C++——哈希

函数声明	功能介绍
begin	返回unordered_map第一个元素的迭代器
end	返回unordered_map最后一个元素下一个位置的迭代器
cbegin	返回unordered_map第一个位置的const迭代器
cend	返回unordered_map最后一个元素下一个位置的const迭代器

2.4 unordered_map的元素访问

函数声明	功能介绍
operator[]	返回与key对应的value，没有一个默认值

2.5 unordered_map的查询

函数声明	功能介绍
iterator find(const K& key)	返回key在哈希桶中的位置
size_t count(const K& key)	返回哈希桶中关键码为key的键值对的个数

2.6 unordered_map的修改操作

函数声明	功能介绍
insert	向容器中插入键值对
erase	删除容器中的键值对
void clear()	清空容器中有效元素个数
void swap(unordered map&)	交换两个容器中的元素

2.7 unordered_map的桶操作

函数声明	功能介绍
size_t bucket_count() const	返回哈希桶中桶的总个数
size_t bucket_size(size_t n) const	返回n号桶中有效元素的个数
size_t bucket(const K& key)	返回元素key所在的桶号

二、底层机构

unordered系列的关联式容器之所以效率比较高，是因为其底层使用了哈希结构。

1、哈希概念

顺序结构以及平衡树中，元素关键码与其存储位置之间没有对应的关系，因此在查找一个元素时，必须要经过关键码的多次比较。顺序查找的时间复杂度为O(N)，平衡树中为树的高度，即O(log2n)，搜索的效率取决于搜索过程中元素的比较次数。

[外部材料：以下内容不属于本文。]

(* The number of $\mathbb{F}_q$-linear automorphisms of $\mathbb{F}_{q^m}$ that are fully linear over $\mathbb{F}_{q^m}$ is exactly $m(q^m-1)$.
   Context: $q$ is a prime power (the paper takes $q$ a power of $2$). An $\mathbb{F}_q$-linear automorphism of $\mathbb{F}_{q^m}$ is a bijective $\mathbb{F}_q$-linear map $\varphi:\mathbb{F}_{q^m}\to\mathbb{F}_{q^m}$, applied componentwise to vectors. For an $\mathbb{F}_{q^m}$-linear code $\mathcal{C}\subseteq\mathbb{F}_{q^m}^n$, $\varphi$ is linear on $\mathcal{C}$ if $\varphi(\mathcal{C})=\{\varphi(\bm{c}):\bm{c}\in\mathcal{C}\}$ is an $\mathbb{F}_{q^m}$-linear subspace. $\varphi$ is fully linear over $\mathbb{F}_{q^m}$ if it is linear on every $\mathbb{F}_{q^m}$-linear code of every length $n\ge1$. *)

From HB Require Import structures.
From mathcomp Require Import all_boot all_order all_algebra all_field.
Set Implicit Arguments. Unset Strict Implicit. Unset Printing Implicit Defensive.
Import GRing.Theory.
Local Open Scope ring_scope.

(* L plays the role of F_{q^m}; the subfield F_q is {c : L | c^q = c}. *)
Definition in_Fq (q : nat) (L : finFieldType) (c : L) : bool := c ^+ q == c.

Definition Fq_linear (q : nat) (L : finFieldType) (f : L -> L) : Prop :=
  (forall x y : L, f (x + y) = f x + f y) /\
  (forall c x : L, in_Fq q c -> f (c * x) = c * f x).

Definition Fq_lin_aut (q : nat) (L : finFieldType) (f : L -> L) : Prop :=
  Fq_linear q f /\ bijective f.

Definition linear_on (L : finFieldType) (n : nat) (f : L -> L)
    (C : {vspace 'rV[L]_n}) : Prop :=
  exists D : {vspace 'rV[L]_n},
    forall w : 'rV[L]_n, w \in D <-> exists2 c, c \in C & w = map_mx f c.

Definition fully_linear (L : finFieldType) (f : L -> L) : Prop :=
  forall n : nat, (0 < n)%N -> forall C : {vspace 'rV[L]_n}, linear_on f C.

From HB Require Import structures.
From mathcomp Require Import all_boot all_order all_algebra all_field all_fingroup all_solvable.
From mathcomp Require Import zify.
Set Implicit Arguments. Unset Strict Implicit. Unset Printing Implicit Defensive.
Import GRing.Theory.
Local Open Scope ring_scope.

(* We
   show that the F_q-linear automorphisms of L that are fully linear are
   exactly the "monomial" maps x |-> a * x^(q^i) with a <> 0 and i < m, and
   that these m * (q^m - 1) maps are pairwise distinct.
   - Monomial maps are bijective, F_q-linear and semilinear over L (they
     intertwine scaling by mu with scaling by mu^(q^(m-i))); every additive
     semilinear map sends an L-subspace of L^n onto an L-subspace, hence is
     fully linear.
   - Conversely, applying full linearity to the line spanned by (1, b) shows
     that g := f / f(1) is multiplicative, so g is a field automorphism of L
     fixing F_q.  Such an automorphism permutes the roots of the polynomial
     prod_(i < m) (X - a^(q^i)), whose coefficients lie in F_q; taking for a a
     generator of the cyclic group L^*, g is a power x |-> x^(q^i), i < m.
   - The Frobenius powers x |-> x^(q^i), i < m, are distinct because a
     generator of L^* has order q^m - 1. *)

Section RingEndofunction.
Variables (R : nzRingType) (h : R -> R).
Hypotheses (hD : forall x y, h (x + y) = h x + h y)
  (hM : forall x y, h (x * y) = h x * h y) (h1 : h 1 = 1).

Let h0 : h 0 = 0.
Proof. by apply: (addrI (h 0)); rewrite -hD !addr0. Qed.

HB.instance Definition _ := GRing.isNmodMorphism.Build R R h (h0, hD).
HB.instance Definition _ := GRing.isMonoidMorphism.Build R R h (h1, hM).

Lemma map_prod_XsubC (rs : seq R) :
  map_poly h (\prod_(x <- rs) ('X - x%:P)) = \prod_(x <- map h rs) ('X - x%:P).
Proof. by rewrite rmorph_prod big_map; apply: eq_bigr => x _; apply: map_polyXsubC. Qed.

Lemma root_map_endo (P : {poly R}) x : root P x -> root (map_poly h P) (h x).
Proof. exact: rmorph_root. Qed.

Lemma endo_exp x n : h (x ^+ n) = h x ^+ n.
Proof. exact: rmorphXn. Qed.

End RingEndofunction.

Lemma unit_generator (L : finFieldType) : exists u : {unit L},
  (forall x : L, x != 0 -> exists n, x = val u ^+ n) /\ #[u]%g = #|L|.-1.
Proof.
have /cyclicP [u Du] := field_unit_group_cyclic [set: {unit L}]%G.
exists u; split; last by rewrite /order -Du card_finField_unit.
move=> x x0; have ux : x \is a GRing.unit by rewrite unitfE.
have : FinRing.unit L ux \in <[u]>%g by rewrite -Du inE.
by case/cycleP => n /(congr1 val) /= ->; exists n; rewrite FinRing.val_unitX.
Qed.

(* An additive map that is semilinear over L (scaling by mu is intertwined
   with scaling by some lambda) maps every code onto the span of its image,
   hence is fully linear. *)
Lemma semilinear_fully_linear (L : finFieldType) (f : L -> L) :
  (forall x y, f (x + y) = f x + f y) ->
  (forall mu, exists lambda, forall x, mu * f x = f (lambda * x)) ->
  fully_linear f.
Proof.
move=> fD fS n _ C.
have f0 : f 0 = 0 by apply: (addrI (f 0)); rewrite -fD !addr0.
set S := [seq map_mx f w | w in C].
exists <<S>>%VS => w; split => [Sw | [c Cc ->]]; last first.
  by apply: memv_span; apply/imageP; exists c.
rewrite (coord_span Sw).
apply: (big_ind (fun w => exists2 c, c \in C & w = map_mx f c)).
- by exists 0; rewrite ?mem0v //; apply/matrixP => r s; rewrite !mxE f0.
- move=> _ _ [c1 C1 ->] [c2 C2 ->]; exists (c1 + c2); first exact: memvD.
  by apply/matrixP => r s; rewrite !mxE fD.
- move=> j _; have [lambda Hl] := fS (coord S j w).
  have /imageP [c Cc ->] : S`_j \in S.
    by apply: mem_nth; rewrite size_map -cardE ltn_ord.
  exists (lambda *: c); first exact: memvZ.
  by apply/matrixP => r s; rewrite !mxE Hl.
Qed.

(* A fully linear injective map is multiplicative up to the factor f 1:
   apply full linearity to the line spanned by the code word (1, b). *)
Lemma fully_linear_mul (L : finFieldType) (f : L -> L) :
  injective f -> fully_linear f -> f 1 != 0 ->
  forall x b, f (x * b) = f x * f b / f 1.
Proof.
move=> finj fl f10 x b.
pose v : 'rV[L]_2 := \row_(j < 2) (if val j == 0%N then 1 else b).
have [D HD] := fl 2 isT <[v]>%VS.
have fvD : map_mx f v \in D by apply/HD; exists v; [exact: memv_line|].
have /HD [c /vlineP [y ->] E] : (f x / f 1) *: map_mx f v \in D by exact: memvZ.
have E0 := congr1 (fun M : 'rV[L]_2 => M ord0 ord0) E.
have E1 := congr1 (fun M : 'rV[L]_2 => M ord0 (@Ordinal 2 1 isT)) E.
rewrite !mxE /= mulr1 divfK // in E0 E1.
by rewrite -(finj _ _ E0) in E1; rewrite -E1 mulrAC.
Qed.

Section FrobeniusPowers.
Variables (L : finFieldType) (p k q m : nat).
Hypotheses (pp : prime p) (kp : (0 < k)%N) (qE : q = (p ^ k)%N) (mp : (0 < m)%N)
  (cardL : #|L| = (q ^ m)%N).

Lemma q_gt1 : (1 < q)%N.
Proof. by rewrite qE -(expn0 p) ltn_exp2l ?prime_gt1. Qed.

Lemma charL : p \in [pchar L].
Proof. by apply: (@card_finPcharP L p (k * m)) => //; rewrite cardL qE expnM. Qed.

(* x |-> x^(q^i) is additive, being a power of the Frobenius map. *)
Lemma frobqD i (x y : L) : (x + y) ^+ (q ^ i) = x ^+ (q ^ i) + y ^+ (q ^ i).
Proof.
apply: exprDn_pchar; rewrite (eq_pnat _ (pcharf_eq charL)) qE -expnM.
by rewrite pnatX pnat_id.
Qed.

Lemma frobq0 i : (0 : L) ^+ (q ^ i) = 0.
Proof. by rewrite expr0n expn_eq0 (negbTE (lt0n_neq0 (ltnW q_gt1))). Qed.

Lemma frobq_m (x : L) : x ^+ (q ^ m) = x.
Proof. by rewrite -cardL expf_card. Qed.

Lemma frobqK i (x : L) : (i <= m)%N -> (x ^+ (q ^ i)) ^+ (q ^ (m - i)) = x.
Proof. by move=> im; rewrite -exprM -expnD subnKC // frobq_m. Qed.

Lemma frobqVK i (x : L) : (i <= m)%N -> (x ^+ (q ^ (m - i))) ^+ (q ^ i) = x.
Proof. by move=> im; rewrite -exprM -expnD addnC subnKC // frobq_m. Qed.

Lemma in_Fq_frobq (c : L) i : in_Fq q c -> c ^+ (q ^ i) = c.
Proof.
move=> /eqP cq; elim: i => [|i IH]; first by rewrite expr1.
by rewrite expnSr exprM IH cq.
Qed.

Definition conj_poly (a : L) : {poly L} :=
  \prod_(x <- [seq a ^+ (q ^ i) | i <- iota 0 m]) ('X - x%:P).

Lemma root_conj_poly (a : L) : root (conj_poly a) a.
Proof.
by rewrite root_prod_XsubC; apply/mapP; exists 0%N; rewrite ?mem_iota ?expn0 ?expr1.
Qed.

(* The Frobenius x |-> x^q permutes the conjugates cyclically, so it fixes
   conj_poly a; hence its coefficients lie in F_q. *)
Lemma conj_poly_Fq (a : L) j : in_Fq q (conj_poly a)`_j.
Proof.
have frobD (x y : L) : (x + y) ^+ q = x ^+ q + y ^+ q by have := frobqD 1 x y; rewrite expn1.
have frobM (x y : L) : (x * y) ^+ q = x ^+ q * y ^+ q by rewrite exprMn.
have frob1 : (1 : L) ^+ q = 1 by rewrite expr1n.
have shift : [seq (a ^+ (q ^ i)) ^+ q | i <- iota 0 m]
           = [seq a ^+ (q ^ i) | i <- iota 1 m].
  rewrite -(addn0 1%N) iotaDl -map_comp.
  by apply: eq_map => i /=; rewrite -exprM add1n expnSr.
have frob_fix : map_poly (fun x => x ^+ q) (conj_poly a) = conj_poly a.
  rewrite /conj_poly (map_prod_XsubC frobD frobM frob1) -map_comp shift.
  apply: perm_big; have [m' Em] : exists m', m = m'.+1 by exists m.-1; rewrite prednK.
  have am : a ^+ (q ^ m'.+1) = a by rewrite -Em frobq_m.
  rewrite Em -[in iota 1 _](addn1 m') iotaD map_cat add1n /= am expn0 expr1.
  by rewrite perm_catC cat1s.
apply/eqP; rewrite -{2}frob_fix coef_map_id0 // expr0n.
by rewrite (negbTE (lt0n_neq0 (ltnW q_gt1))).
Qed.

Lemma Fq_automorphism_frobq (g : L -> L) :
  (forall x y, g (x + y) = g x + g y) -> (forall x y, g (x * y) = g x * g y) ->
  g 1 = 1 -> (forall c, in_Fq q c -> g c = c) ->
  exists2 i, (i < m)%N & forall x, g x = x ^+ (q ^ i).
Proof.
move=> gD gM g1 gF.
have g0 : g 0 = 0 by apply: (addrI (g 0)); rewrite -gD !addr0.
have [u [genu _]] := unit_generator L; set a := val u.
have g_fix : map_poly g (conj_poly a) = conj_poly a.
  by apply/polyP => j; rewrite coef_map_id0 // gF ?conj_poly_Fq.
have := root_map_endo gD gM g1 (root_conj_poly a).
rewrite g_fix root_prod_XsubC => /mapP [i]; rewrite mem_iota add0n => im gai.
exists i => // x; have [-> | x0] := eqVneq x 0; first by rewrite g0 frobq0.
have [n ->] := genu x x0.
by rewrite (endo_exp gD gM g1) -/a gai exprAC.
Qed.

(* Distinct exponents i < j < m give distinct maps: a generator u of L^*
   would otherwise satisfy u^(q^j - q^i) = 1 with 0 < q^j - q^i < q^m - 1. *)
Lemma frobq_inj i j : (i < m)%N -> (j < m)%N ->
  (forall x : L, x ^+ (q ^ i) = x ^+ (q ^ j)) -> i = j.
Proof.
have lt_neq i' j' : (i' < j')%N -> (j' < m)%N ->
    ~ (forall x : L, x ^+ (q ^ i') = x ^+ (q ^ j')).
  move=> ij jm E; have [u [_ ou]] := unit_generator L.
  have q1 := q_gt1.
  have qij : (q ^ i' < q ^ j')%N by rewrite ltn_exp2l.
  have qjm : (q ^ j' < q ^ m)%N by rewrite ltn_exp2l.
  have a0 : val u != 0 by rewrite -unitfE (valP u).
  have : (u ^+ (q ^ j' - q ^ i') == 1)%g.
    apply/eqP/val_inj; rewrite FinRing.val_unitX /=.
    apply: (mulfI (expf_neq0 (q ^ i') a0)).
    by rewrite -exprD subnKC ?(ltnW qij) // -E mulr1.
  rewrite -order_dvdn ou cardL => /dvdn_leq.
  rewrite subn_gt0 qij => /(_ isT).
  have : (0 < q ^ i')%N by rewrite expn_gt0 (ltnW q1).
  lia.
move=> im jm E; case: (ltngtP i j) => // ij; first by case: (lt_neq i j).
by case: (lt_neq j i) => // x; rewrite E.
Qed.

Lemma monomial_Fq_lin_aut (a : L) i (f : L -> L) : a != 0 -> (i < m)%N ->
  (forall x, f x = a * x ^+ (q ^ i)) -> Fq_lin_aut q f.
Proof.
move=> a0 /ltnW im fE; split; first split.
- by move=> x y; rewrite !fE frobqD mulrDr.
- by move=> c x Fc; rewrite !fE exprMn (in_Fq_frobq _ Fc) mulrCA.
exists (fun y => (y / a) ^+ (q ^ (m - i))) => [x|y].
  by rewrite fE mulrAC divff // mul1r frobqK.
by rewrite fE frobqVK // mulrC divfK.
Qed.

Lemma monomial_fully_linear (a : L) i (f : L -> L) : (i < m)%N ->
  (forall x, f x = a * x ^+ (q ^ i)) -> fully_linear f.
Proof.
move=> /ltnW im fE; apply: semilinear_fully_linear.
  by move=> x y; rewrite !fE frobqD mulrDr.
move=> mu; exists (mu ^+ (q ^ (m - i))) => x.
by rewrite !fE exprMn frobqVK // mulrCA.
Qed.

Lemma fully_linear_monomial (f : L -> L) : Fq_lin_aut q f -> fully_linear f ->
  f 1 != 0 /\ exists2 i, (i < m)%N & forall x, f x = f 1 * x ^+ (q ^ i).
Proof.
move=> [[fD fF] /bij_inj finj] fl.
have f0 : f 0 = 0 by apply: (addrI (f 0)); rewrite -fD !addr0.
have f10 : f 1 != 0 by rewrite -f0 (inj_eq finj) oner_eq0.
have fM := fully_linear_mul finj fl f10.
split => //; pose g x := f x / f 1.
have [i im gE] : exists2 i, (i < m)%N & forall x, g x = x ^+ (q ^ i).
  apply: Fq_automorphism_frobq.
  - by move=> x y; rewrite /g fD mulrDl.
  - by move=> x y; rewrite /g fM -!mulrA; congr (_ * _); rewrite mulrCA.
  - by rewrite /g divff.
  - by move=> c Fc; rewrite /g -{1}(mulr1 c) fF // mulfK.
by exists i => // x; rewrite -gE /g mulrC divfK.
Qed.

End FrobeniusPowers.

Theorem theorem2 (p k q m : nat) (L : finFieldType) :
  prime p -> (0 < k)%N -> q = (p ^ k)%N -> (0 < m)%N -> #|L| = (q ^ m)%N ->
  exists s : seq {ffun L -> L},
    [/\ uniq s,
        (forall f : {ffun L -> L}, f \in s <-> (Fq_lin_aut q f /\ fully_linear f))
      & size s = (m * (q ^ m - 1))%N].
Proof.
move=> pp kp qE mp cardL.
pose monomial (ai : L * 'I_m) : {ffun L -> L} := [ffun x => ai.1 * x ^+ (q ^ ai.2)].
pose A := setX [set~ (0 : L)] [set: 'I_m].
exists [seq monomial ai | ai <- enum A]; split.
- rewrite map_inj_in_uniq ?enum_uniq // => [[a i] [b j]].
  rewrite !mem_enum in_setX in_setC1 => /andP [a0 _] _ E.
  have Ex x := congr1 (fun h : {ffun L -> L} => h x) E; rewrite /= in Ex.
  have ab : a = b by have := Ex 1; rewrite !ffunE !expr1n !mulr1.
  subst b; congr pair; apply: val_inj.
  apply: (frobq_inj pp kp qE mp cardL (ltn_ord i) (ltn_ord j)) => x.
  by have := Ex x; rewrite !ffunE => /(mulfI a0).
- move=> f; split.
  + case/mapP => [[a i]]; rewrite mem_enum in_setX in_setC1 => /andP [a0 _] ->.
    have fE x : monomial (a, i) x = a * x ^+ (q ^ i) by rewrite ffunE.
    split; [exact: (monomial_Fq_lin_aut pp qE cardL a0 (ltn_ord i) fE) |
            exact: (monomial_fully_linear pp qE cardL (ltn_ord i) fE)].
  + case=> aut fl; have [f10 [i im fE]] := fully_linear_monomial pp kp qE mp cardL aut fl.
    apply/mapP; exists (f 1, Ordinal im); first by rewrite mem_enum in_setX in_setC1 f10 in_setT.
    by apply/ffunP => x; rewrite ffunE /= -fE.
- by rewrite size_map -cardE cardsX cardsC1 cardsT card_ord cardL subn1 mulnC.
Qed.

如果构造一种存储结构，通过某种函数（hashFunc）使元素的存储位置与它的关键码之间能够建立一一映射的关系，那么在查找时通过该函数可以很快找到该元素。

当向该结构中：

·插入元素

根据待插入元素的关键码，以此函数计算出该元素的存储位置并按此位置进行存放

·搜索元素

对元素的关键码进行同样的计算，把求的函数值当作元素的存储位置，在结构中按此位置取元素比较，若关键码相同，则搜索成功

该方式即为哈希方法，哈希方法中使用的转换函数称为哈希函数，构造出来的结构称为哈希表。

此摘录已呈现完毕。